● Dataset records

Lemma neighbors_above v u w : adj v u -> adj v w -> f v < f w -> f v < f u.
Proof.
move=> vu vw fvw; case: (ltngtP (f v) (f u)) => // [fuv | /f_inj vu_eq].
  by case: (no_monotone_path3 _ vw fuv fvw); rewrite adj_sym.
by rewrite -vu_eq adj_irr in vu.
Qed.

Lemma neighbors_below v u w : adj v u -> adj v w -> f w < f v -> f u < f v.
Proof.
move=> vu vw fwv; case: (ltngtP (f u) (f v)) => // [fvu | /f_inj uv_eq].
  by case: (no_monotone_path3 _ vu fwv fvu); rewrite adj_sym.
by rewrite uv_eq adj_irr in vu.
Qed.

Lemma inner_adj_right a b v w : adj a b -> f a < f v -> f v < f b ->
  adj v w -> f v < f w -> adj v b.
Proof.
move=> ab fav fvb vw fvw; case/orP: ((f_tvo.2 a v b fav fvb).2 ab) => // av.
have := neighbors_above (u := a) _ vw fvw; rewrite adj_sym => /(_ av).
by rewrite ltnNge ltnW.
Qed.

Lemma inner_adj_left a b v w : adj a b -> f a < f v -> f v < f b ->
  adj v w -> f w < f v -> adj a v.
Proof.
move=> ab fav fvb vw fwv; case/orP: ((f_tvo.2 a v b fav fvb).2 ab) => // vb.
by have := neighbors_below vb vw fwv; rewrite ltnNge ltnW.
Qed.

Lemma is_edge_oriented E : is_edge adj E -> exists a b, [/\ E = [set a; b], adj a b & f a < f b].
Proof.
case/existsP=> x /existsP[y /andP[xy /eqP->]].
case: (ltngtP (f x) (f y)) => [fxy | fyx | /f_inj xy_eq]; first by exists x, y.
  by exists y, x; rewrite setUC adj_sym.
by rewrite xy_eq adj_irr in xy.
Qed.

Lemma alternating_square_oriented a b c d : adj a b -> adj c d -> f a < f b -> f c < f d ->
  alternating_square adj [set a; b] [set c; d] -> adj a d /\ adj c b.
Proof.
move=> ab cd fab fcd [u [p [r [q [/eq_set2 E1 /eq_set2 E2 uq rp]]]]].
have nac : ~~ adj a c.
  apply/negP => ac; case: (ltngtP (f a) (f c)) => [fac | fca | /f_inj ac_eq].
  - exact: no_monotone_path3 ac cd fac fcd.
  - by apply: (no_monotone_path3 _ ab fca fab); rewrite adj_sym.
  - by rewrite ac_eq adj_irr in ac.
case: E1 => -[? ?]; case: E2 => -[? ?]; subst.
- by [].
- by rewrite (negbTE nac) in uq.
- by rewrite adj_sym (negbTE nac) in rp.
- by split; rewrite adj_sym.
Qed.

Lemma alternating_square_at_min_vertex A B u m n :
  is_matching adj A -> is_matching adj B -> cover A = cover B ->
  (forall v, v \in cover (A :\: B) -> f u <= f v) ->
  [set u; m] \in A :\: B -> [set u; n] \in B :\: A -> f n < f m ->
  exists2 r, [set r; n] \in A :\: B & adj r m.
Proof.
move=> mA mB cAB umin /setDP[umA _] /setDP[unB unA] fnm.
have um : adj u m := is_edge_set2_adj adj_sym (mA.1 _ umA).
have un : adj u n := is_edge_set2_adj adj_sym (mB.1 _ unB).
have above_u v : v \in cover (A :\: B) -> v != u -> f u < f v.
  move=> vAB vu; rewrite ltn_neqAle umin // andbT.
  by apply: contra vu => /eqP/f_inj->.
have fun_ : f u < f n.
  apply: above_u; last by apply: contraTneq un => ->; rewrite adj_irr.
  rewrite (cover_setDC mA mB cAB); apply/bigcupP; exists [set u; n]; last exact: set22.
  by rewrite inE unB unA.
have : n \in cover A by rewrite cAB; apply/bigcupP; exists [set u; n]; rewrite ?set22.
case/bigcupP=> E EA /(is_edge_at adj_sym (mA.1 _ EA))[r nr E_eq].
rewrite {}E_eq setUC in EA.
have rnB : [set r; n] \notin B.
  by apply: contra unA => rnB; rewrite -(matching_edge_eq mB rnB unB (set22 r n) (set22 u n)).
have rnAB : [set r; n] \in A :\: B by rewrite inE rnB EA.
have fur : f u < f r.
  apply: above_u; first by apply/bigcupP; exists [set r; n]; rewrite ?set21.
  by apply: contraNneq unA => <-.
have frn : f r < f n by apply: (neighbors_below nr _ fun_); rewrite adj_sym.
by exists r => //; apply: inner_adj_right um fur (ltn_trans frn fnm) _ frn; rewrite adj_sym.
Qed.

Lemma square_free_uniquely_restricted (N : {set {set T}}) :
  (forall E, E \in N -> is_edge adj E) -> square_free adj N -> uniquely_restricted adj N.
Proof.
move=> Ne sqf; have mN := square_free_matching adj_sym Ne sqf; split=> // A.
have [k] := ubnP #|N :\: A|; elim: k A => // k IHk A ltk mA cAN.
case: (eqVneq A N) => // neq.
have [w w_in] := cover_setD_neq0 mA mN cAN neq.
case: (arg_minnP f (P := fun v => v \in cover (A :\: N)) w_in) => u /bigcupP[E1 E1AN uE1] umin.
have [m um E1_eq] := is_edge_at adj_sym (mA.1 _ (setDP E1AN).1) uE1.
rewrite {}E1_eq in E1AN; have [umA umN] := setDP E1AN.
have : u \in cover N by rewrite -cAN; apply/bigcupP; exists [set u; m]; rewrite ?set21.
case/bigcupP=> E2 E2N /(is_edge_at adj_sym (mN.1 _ E2N))[n un E2_eq].
rewrite {}E2_eq in E2N.
have mn : m != n by apply: contraNneq umN => ->.
have unAN : [set u; n] \in N :\: A.
  rewrite inE E2N andbT; apply: contra mn => unA; apply/eqP/(@set2_inj _ u).
  exact: matching_edge_eq mA umA unA (set21 u m) (set21 u n).
(* Both cases end with the alternating square {un, rm} in N; when f n < f m it
   is found in the switched matching, which is closer to N. *)
have no_square r : [set r; m] \in N -> adj r n -> False.
  move=> rmN rn; apply: (sqf _ _ E2N rmN); last by exists u, n, r, m.
  apply/eqP => /eq_set2[[_ nm] | [ur _]]; first by rewrite nm eqxx in mn.
  by rewrite ur adj_irr in um.
case: (ltngtP (f n) (f m)) => [fnm | fmn | /f_inj nm]; last by rewrite nm eqxx in mn.
  have [r /setDP[rnA rnN] rm] := alternating_square_at_min_vertex mA mN cAN umin E1AN unAN fnm.
  have neq' : [set u; m] != [set r; n].
    apply/eqP => /eq_set2[[_ mn'] | [un' _]]; first by rewrite mn' eqxx in mn.
    by rewrite un' adj_irr in un.
  have [mA' cA'] := switch_matching adj_sym adj_irr mA umA rnA neq' un rm.
  have ltA' : #|N :\: switch A u m r n| < k.
    by apply: leq_trans (card_setD_switch umN rnN unAN) _; rewrite -ltnS.
  have A'N := IHk _ ltA' mA' (etrans cA' cAN).
  have rn : adj r n := is_edge_set2_adj adj_sym (mA.1 _ rnA).
  by case: (no_square r _ rn); rewrite -A'N; apply/setUP; right; exact: set22.
have umin' v : v \in cover (N :\: A) -> f u <= f v by rewrite -(cover_setDC mA mN cAN); exact: umin.
have [r /setDP[rmN _] rn] := alternating_square_at_min_vertex mN mA (esym cAN) umin' unAN E1AN fmn.
by case: (no_square r rmN rn).
Qed.

Lemma alternating_square_shift a b x y c d :
  adj a b -> adj x y -> adj c d -> f a < f b -> f x < f y -> f c < f d ->
  f a < f x -> f x <= f c -> adj a d -> adj c b ->
  alternating_square adj [set a; b] [set x; y] \/ alternating_square adj [set x; y] [set c; d].
Proof.
move=> ab xy cd fab fxy fcd fax fxc ad cb.
have sq_ab_xy := alternating_square_meet adj_sym (is_edge_set2 ab) (is_edge_set2 xy).
have sq_xy_cd := alternating_square_meet adj_sym (is_edge_set2 xy) (is_edge_set2 cd).
rewrite leq_eqVlt in fxc; case/orP: fxc => [/eqP/f_inj xc | fxc].
  by right; apply: (sq_xy_cd x); rewrite ?set21 // xc set21.
have fcb : f c < f b := neighbors_above cb cd fcd.
have xb : adj x b := inner_adj_right ab fax (ltn_trans fxc fcb) xy fxy.
have yx : adj y x by rewrite adj_sym.
case: (ltngtP (f y) (f b)) => [fyb | fby | /f_inj yb].
- by left; exists a, b, x, y; split=> //; exact: inner_adj_left ab (ltn_trans fax fxy) fyb yx fxy.
- have cy : adj c y := inner_adj_right xy fxc (ltn_trans fcb fby) cd fcd.
  case: (ltngtP (f d) (f y)) => [fdy | fyd | /f_inj dy].
  + right; exists x, y, c, d; split=> //.
    by apply: inner_adj_left xy (ltn_trans fxc fcd) fdy _ fcd; rewrite adj_sym.
  + by left; exists a, b, x, y; split=> //; exact: inner_adj_left ad (ltn_trans fax fxy) fyd yx fxy.
  + by right; apply: (sq_xy_cd y); rewrite ?set22 // -dy set22.
- by left; apply: (sq_ab_xy b); rewrite ?set22 // -yb set22.
Qed.

Lemma no_alternating_square_before M e e' g :
  uniquely_restricted adj M -> starts_with f M e' -> is_edge adj e -> lrank f e < lrank f e' ->
  uniquely_restricted adj [set e; e'] -> g \in M -> ~ alternating_square adj e g.
Proof.
move=> URM [e'M e'min] ee lt UR2 gM.
have ee' : e != e' by apply: contraTneq lt => ->; rewrite ltnn.
have no_sq_ee' := uniquely_restricted_square_free adj_sym adj_irr UR2 (set21 e e') (set22 e e') ee'.
have no_sq_e'g := uniquely_restricted_square_free adj_sym adj_irr URM e'M gM.
case: (eqVneq g e') => [-> // | ge'].
have [a [b [e_eq ab fab]]] := is_edge_oriented ee.
have [x [y [e'_eq xy fxy]]] := is_edge_oriented (URM.1.1 _ e'M).
have [c [d [g_eq cd fcd]]] := is_edge_oriented (URM.1.1 _ gM).
have lr_e := lrank_set2 (ltnW fab); have lr_e' := lrank_set2 (ltnW fxy).
have lr_g := lrank_set2 (ltnW fcd).
have fxc : f x <= f c by rewrite -lr_e' -lr_g -e'_eq -g_eq e'min.
rewrite e_eq e'_eq lr_e lr_e' in lt.
rewrite e_eq g_eq => /(alternating_square_oriented ab cd fab fcd)[ad cb].
case: (alternating_square_shift ab xy cd fab fxy fcd lt fxc ad cb).
  by rewrite -e_eq -e'_eq.
by rewrite -e'_eq -g_eq; apply: no_sq_e'g; rewrite eq_sym.
Qed.

End TransitiveOrdering.

Theorem corollary2 (T : finType) (adj : rel T) (f : T -> nat)
  (M : {set {set T}}) (e e' : {set T}) :
  symmetric adj -> irreflexive adj ->
  is_bipartite_permutation_graph adj ->
  transitive_vertex_ordering adj f ->
  uniquely_restricted adj M -> starts_with f M e' ->
  is_edge adj e -> is_edge adj e' ->
  lrank f e < lrank f e' ->
  uniquely_restricted adj [set e; e'] ->
  uniquely_restricted adj (e |: M) /\ starts_with f (e |: M) e.
Proof.
move=> sym irr [_ bip] tvo URM e'_first ee _ lt UR2.
have no_sq_e := no_alternating_square_before sym irr bip tvo URM e'_first ee lt UR2.
split.
  apply: (square_free_uniquely_restricted sym irr bip tvo) => // [E /setU1P[-> // | EM] | E1 E2].
    exact: URM.1.1.
  move=> /setU1P[-> | E1M] /setU1P[-> | E2M] neq; first by rewrite eqxx in neq.
  - exact: no_sq_e.
  - by move/alternating_squareC; exact: no_sq_e.
  - exact: (uniquely_restricted_square_free sym irr URM E1M E2M neq).
split=> [|E /setU1P[-> // | EM]]; first exact: setU11.
exact: ltnW (leq_trans lt (e'_first.2 _ EM)).
Qed.
(* Consider a substrate edge $(u,v)\in E_S$. Let $0<\varepsilon\le1$ be such that $d_{\max}(r,u,v)/d_S(u,v)\le\varepsilon$ for all $r\in\mathcal R$. Let $\Delta=\sum_{r\in\mathcal R}\big(A_{\max}(r,u,v)/d_{\max}(r,u,v)\big)^2$ and $\gamma=1+\varepsilon\sqrt{2\Delta\log|V_S|}$. Then $\mathbb P\big(A_{u,v}\ge\gamma\cdot d_S(u,v)\big)\le|V_S|^{-4}$.
   Context: Substrate: directed graph $G_S=(V_S,E_S)$, node types $\mathcal T$, $V_S^\tau\subseteq V_S$, resources $R_S=\{(\tau,u):u\in V_S^\tau\}\cup E_S$, capacities $d_S(x,y)>0$. Requests $r\in\mathcal R$: directed graph $G_r=(V_r,E_r)$, types $\tau_r$, demands $d_r(i),d_r(i,j)\ge0$, allowed node sets $V_S^{r,i}\subseteq V_S^{\tau_r(i)}$, allowed edge sets $E_S^{r,i,j}\subseteq E_S$. Valid mappings $m_r$ (nodes to allowed nodes, each edge $(i,j)$ to a directed path between the images within $E_S^{r,i,j}$), set $\mathcal M_r$; allocation $A(m_r,u,v)=\sum_{(i,j):(u,v)\in m^E_r(i,j)}d_r(i,j)$ for edges and $A(m_r,\tau,u)=\sum_{i:\tau_r(i)=\tau,m_r^V(i)=u}d_r(i)$ for node resources; $d_{\max}(r,u,v)=\max_{(i,j)\in E_r:(u,v)\in E_S^{r,i,j}}d_r(i,j)$; $A_{\max}(r,u,v)=\max_{m\in\mathcal M_r}A(m,u,v)$. Rounding setting (profit variant): for each request $r$ a finite family $\mathcal D_r=\{(f^k_r,m^k_r)\}_k$ with $f^k_r>0$, $m^k_r\in\mathcal M_r$, $\sum_kf^k_r\le1$, obtained by decomposing a feasible solution of the paper's decomposable LP relaxation of the VNEP, so that in particular $\sum_r\sum_kf^k_rA(m^k_r,x,y)\le d_S(x,y)$ for all resources $(x,y)$. Independently for each $r$, $m^k_r$ is selected with probability $f^k_r$ and nothing with probability $1-\sum_kf^k_r$; $A_{u,v}$ is the total allocation of the selected mappings on $(u,v)$. *)

From HB Require Import structures.
From mathcomp Require Import all_boot all_order all_algebra.
From mathcomp Require Import boolp reals exp.
Set Implicit Arguments. Unset Strict Implicit. Unset Printing Implicit Defensive.
Import Order.TTheory GRing.Theory Num.Theory.
Local Open Scope ring_scope.
(* Fix $k\in\{1,\dots,K\}$ and arbitrary matrices $\mathbf{V}_1^{(i)},\dots,\mathbf{V}_G^{(i)}\in\mathbb{C}^{M\times d}$, and let $h_k^{(i)}$ be defined as in the context. Then: (C.a) For all $\mathbf{V}_1,\dots,\mathbf{V}_G\in\mathbb{C}^{M\times d}$, $$h_k^{(i)}(\{\mathbf{V}_g\})\ \ge\ -\log\det\big(\mathbf{I}_N+\mathbf{H}_k\mathbf{V}_{g_k}\mathbf{V}_{g_k}^H\mathbf{H}_k^H\mathbf{J}_k\big),$$ with equality when $\mathbf{V}_g=\mathbf{V}_g^{(i)}$ for all $g=1,\dots,G$. (C.b) At $\{\mathbf{V}_g\}=\{\mathbf{V}_g^{(i)}\}$, the partial derivatives of $h_k^{(i)}$ and of $\{\mathbf{V}_g\}\mapsto-\log\det\big(\mathbf{I}_N+\mathbf{H}_k\mathbf{V}_{g_k}\mathbf{V}_{g_k}^H\mathbf{H}_k^H\mathbf{J}_k\big)$ with respect to the real part and the imaginary part of every entry of every $\mathbf{V}_g$, $g=1,\dots,G$, coincide. Moreover $h_k^{(i)}$ is a convex quadratic function of $\{\mathbf{V}_g\}$.
   Context: Setting: there are $G$ clusters and $K$ base stations; BS $k$ belongs to cluster $g_k\in\{1,\dots,G\}$. Integers $M>N\ge1$ are given and $d=N$. For each $k$, $\mathbf{H}_k\in\mathbb{C}^{N\times M}$ is fixed and $\sigma_k^2>0$. Variables $\mathbf{V}_g\in\mathbb{C}^{M\times d}$, $g=1,\dots,G$. Define $$\mathbf{J}_k=\Big(\sum_{g'\neq g_k}\mathbf{H}_k\mathbf{V}_{g'}\mathbf{V}_{g'}^H\mathbf{H}_k^H+\sigma_k^2\mathbf{I}_N\Big)^{-1},$$ $$\hat{\mathbf{U}}_k^{(i)}=\Big(\sum_{g=1}^G\mathbf{H}_k\mathbf{V}_g^{(i)}(\mathbf{V}_g^{(i)})^H\mathbf{H}_k^H+\sigma_k^2\mathbf{I}_N\Big)^{-1}\mathbf{H}_k\mathbf{V}_{g_k}^{(i)},\qquad \hat{\mathbf{Q}}_k^{(i)}=\mathbf{I}_d-(\hat{\mathbf{U}}_k^{(i)})^H\mathbf{H}_k\mathbf{V}_{g_k}^{(i)},$$ $$\hat{\mathbf{A}}_k^{(i)}=\mathbf{H}_k^H\hat{\mathbf{U}}_k^{(i)}(\hat{\mathbf{Q}}_k^{(i)})^{-1}(\hat{\mathbf{U}}_k^{(i)})^H\mathbf{H}_k,\qquad \hat{\mathbf{B}}_k^{(i)}=-(\hat{\mathbf{Q}}_k^{(i)})^{-1}(\hat{\mathbf{U}}_k^{(i)})^H\mathbf{H}_k,$$ $$\hat b_k^{(i)}=\mathrm{Tr}\Big((\hat{\mathbf{Q}}_k^{(i)})^{-1}\big(\mathbf{I}_d+\sigma_k^2(\hat{\mathbf{U}}_k^{(i)})^H\hat{\mathbf{U}}_k^{(i)}\big)\Big)+\log\det\hat{\mathbf{Q}}_k^{(i)}-d,$$ $$h_k^{(i)}(\{\mathbf{V}_g\})=\sum_{g=1}^G\mathrm{Tr}\big(\mathbf{V}_g^H\hat{\mathbf{A}}_k^{(i)}\mathbf{V}_g\big)+2\,\Re\{\mathrm{Tr}(\hat{\mathbf{B}}_k^{(i)}\mathbf{V}_{g_k})\}+\hat b_k^{(i)}.$$ Here $\log$ is the natural logarithm. *)

From Stdlib Require Import Reals Lra Psatz.
From Stdlib Require Import Classical ClassicalEpsilon FunctionalExtensionality PropExtensionality.
From HB Require Import structures.
From mathcomp Require Import all_boot all_order all_algebra.

Set Implicit Arguments.
Unset Strict Implicit.
Unset Printing Implicit Defensive.

Import GRing.Theory.

Record cplx := Cplx { cre : R; cim : R }.

Lemma cplx_eqP : Equality.axiom (fun x y : cplx =>
  if excluded_middle_informative (x = y) then true else false).
Proof.
move=> x y; case: excluded_middle_informative => h; [exact: ReflectT|exact: ReflectF].
Qed.
HB.instance Definition _ := hasDecEq.Build cplx cplx_eqP.

Definition cplx_find (P : pred cplx) (n : nat) : option cplx :=
  match excluded_middle_informative (exists x, P x) with
  | left h => Some (proj1_sig (constructive_indefinite_description _ h))
  | right _ => None
  end.

Lemma cplx_find_correct P n x : cplx_find P n = Some x -> P x.
Proof.
rewrite /cplx_find; case: excluded_middle_informative => // h [<-].
exact: proj2_sig (constructive_indefinite_description _ h).
Qed.

Lemma cplx_find_complete (P : pred cplx) : (exists x, P x) -> exists n, cplx_find P n.
Proof. by move=> h; exists 0%N; rewrite /cplx_find; case: excluded_middle_informative. Qed.

Lemma cplx_find_ext (P Q : pred cplx) : P =1 Q -> cplx_find P =1 cplx_find Q.
Proof. by move=> /functional_extensionality ->. Qed.

HB.instance Definition _ := hasChoice.Build cplx
  cplx_find_correct cplx_find_complete cplx_find_ext.
(* The leaf is reached from [v] along a path of tree nodes, so each of its
   ancestors is either an ancestor of [v] or lies below a tree child of [v]. *)
Lemma tree_path_leaf (v : V) : exists s, v ~> lab N s /\
  forall x, x ~> lab N s -> x ~> v \/ exists c, [/\ arc v c, tree_node c & c ~> x].
Proof.
have [n] := ubnP #|[pred y | v ~> y]|; elim: n v => // n IHn v lt_v_n.
have [lv|nlv] := boolP (is_leaf v).
  have [s <-] := (labeledN.2 v).1 lv.
  by exists s; split=> // x; left.
have [c [vc tc]] := tree_child_exists nlv.
have lt_c_n : #|[pred y | c ~> y]| < n.
  apply: leq_trans (ltnSE lt_v_n); apply: proper_card; apply/properP; split.
    by apply/subsetP => y; rewrite !inE; apply/connect_trans/connect1.
  by exists v; rewrite !inE ?connect0 ?acyc.
have [s [cs Hs]] := IHn c lt_c_n.
exists s; split=> [|x /Hs[xc|[c' [cc' _ c'x]]]]; first exact: connect_trans (connect1 vc) cs.
  case: (connect_tree_parent tc vc xc) => [->|]; last by left.
  by right; exists c; rewrite connect0.
by right; exists c; split=> //; apply: connect_trans c'x; apply: connect1.
Qed.

(* Follow the tree path from a second child [w] of [v] to a leaf: if [c]
   reached it, either [w] would be a hybrid node whose parents [v] and [p]
   are connected through [c], or [c] would have the two parents [v] and [w],
   or there would be a cycle. *)
Lemma Cset_not_sub_tree_child (v c : V) :
  tree_node v -> arc v c -> tree_node c -> ~~ (Cset v \subset Cset c).
Proof.
move=> tv vc tc; apply/negP => sub_vc.
have [w vw wNc] := tree_node_other_child tv vc.
have [s [ws Hs]] := tree_path_leaf w.
have cs : c ~> lab N s.
  by rewrite -in_Cset (subsetP sub_vc) // (subsetP (Cset_connect (connect1 vw))) ?in_Cset.
case: (Hs c cs) => [cw | [c' [wc' _ c'c]]].
  case: (connect_last_step cw) => [cw_eq | [p cp pw]]; first by rewrite cw_eq eqxx in wNc.
  have [pv|pNv] := eqVneq p v; first by rewrite pv in cp; have := acyc vc; rewrite cp.
  have hw : hybrid w.
    by rewrite hybridNtree; apply: contra pNv => tw; rewrite (tree_parent_uniq tw pw vw).
  have := parents_unconnected hw vw pw; rewrite eq_sym pNv => /(_ isT).
  by rewrite (connect_trans (connect1 vc) cp).
case: (connect_tree_parent tc vc c'c) => [c'c_eq|c'v].
  rewrite c'c_eq in wc'; rewrite (tree_parent_uniq tc wc' vc) in vw.
  by have := arc_neq vw; rewrite eqxx.
by have := acyc vw; rewrite (connect_trans (connect1 wc') c'v).
Qed.

Lemma Cset_sub_connect (u v : V) : tree_node v -> Cset v \subset Cset u -> u ~> v.
Proof.
move=> tv sub_vu; have [s [vs Hs]] := tree_path_leaf v.
have us : u ~> lab N s by rewrite -in_Cset (subsetP sub_vu) ?in_Cset.
case: (Hs u us) => // -[c [vc tc cu]].
by have := Cset_not_sub_tree_child tv vc tc; rewrite (subset_trans sub_vu (Cset_connect cu)).
Qed.

Lemma tree_Cset_inj (u v : V) : tree_node u -> tree_node v -> Cset u = Cset v -> u = v.
Proof.
by move=> tu tv Euv; apply: connect_antisym; apply: Cset_sub_connect; rewrite // Euv.
Qed.

Lemma Cset_hybrid_child (h c : V) : hybrid h -> arc h c -> Cset h = Cset c.
Proof.
move=> hh hc; apply/setP => s; rewrite !in_Cset; apply/idP/idP => [|]; last first.
  exact/connect_trans/connect1.
case/connect_first_step => [hs|[z hz zs]]; last by rewrite (hybrid_child_uniq hh hc hz).
by move: hh; rewrite hs hybridNtree leaf_tree_node ?lab_leaf.
Qed.

Lemma hybrid_Cset_inj (h1 h2 : V) : hybrid h1 -> hybrid h2 -> Cset h1 = Cset h2 -> h1 = h2.
Proof.
move=> hh1 hh2 E.
have [c1 [hc1 tc1]] := hybrid_tree_child hh1; have [c2 [hc2 tc2]] := hybrid_tree_child hh2.
have Ec : c1 = c2.
  by apply: tree_Cset_inj; rewrite // -(Cset_hybrid_child hh1 hc1) -(Cset_hybrid_child hh2 hc2).
by rewrite Ec in hc1 tc1; apply: tree_parent_uniq tc1 hc1 hc2.
Qed.

Definition key (v : V) : {set S} * bool := (Cset v, hybrid v).

Lemma key_inj : injective key.
Proof.
move=> u v [Euv Ehyb]; have [hu|tu] := boolP (hybrid u).
  by apply: hybrid_Cset_inj; rewrite -?Ehyb.
by apply: tree_Cset_inj; rewrite // treeNhybrid -?Ehyb.
Qed.


Definition clusters : {set {set S}} := [set Cset v | v : V].
Local Notation K := clusters.

Lemma Cset_in_clusters (v : V) : Cset v \in K.
Proof. exact: imset_f. Qed.

Lemma clustersP X : X \in K -> exists2 t : V, tree_node t & X = Cset t.
Proof.
case/imsetP=> v _ ->; have [tv|hv] := boolP (tree_node v); first by exists v.
rewrite -hybridNtree in hv; have [c [vc tc]] := hybrid_tree_child hv.
by exists c; rewrite // (Cset_hybrid_child hv vc).
Qed.

Lemma Cset_tree_arc_proper (u v : V) :
  tree_node u -> tree_node v -> arc u v -> Cset v \proper Cset u.
Proof.
move=> tu tv uv; rewrite properEneq Cset_connect ?connect1 // andbT.
by apply: contra_neq (arc_neq uv) => /esym; apply: tree_Cset_inj.
Qed.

● Exercise details
Please give an exact copy of the lines above, beginning with the line containing "have neq' : [set u; m] != [set r; n]." and running through the line containing "have sq_ab_xy := alternating_square_meet", and of no other lines.

● Answer to this problem
  have neq' : [set u; m] != [set r; n].
    apply/eqP => /eq_set2[[_ mn'] | [un' _]]; first by rewrite mn' eqxx in mn.
    by rewrite un' adj_irr in un.
  have [mA' cA'] := switch_matching adj_sym adj_irr mA umA rnA neq' un rm.
  have ltA' : #|N :\: switch A u m r n| < k.
    by apply: leq_trans (card_setD_switch umN rnN unAN) _; rewrite -ltnS.
  have A'N := IHk _ ltA' mA' (etrans cA' cAN).
  have rn : adj r n := is_edge_set2_adj adj_sym (mA.1 _ rnA).
  by case: (no_square r _ rn); rewrite -A'N; apply/setUP; right; exact: set22.
have umin' v : v \in cover (N :\: A) -> f u <= f v by rewrite -(cover_setDC mA mN cAN); exact: umin.
have [r /setDP[rmN _] rn] := alternating_square_at_min_vertex mN mA (esym cAN) umin' unAN E1AN fmn.
by case: (no_square r rmN rn).
Qed.

Lemma alternating_square_shift a b x y c d :
  adj a b -> adj x y -> adj c d -> f a < f b -> f x < f y -> f c < f d ->
  f a < f x -> f x <= f c -> adj a d -> adj c b ->
  alternating_square adj [set a; b] [set x; y] \/ alternating_square adj [set x; y] [set c; d].
Proof.
move=> ab xy cd fab fxy fcd fax fxc ad cb.
have sq_ab_xy := alternating_square_meet adj_sym (is_edge_set2 ab) (is_edge_set2 xy).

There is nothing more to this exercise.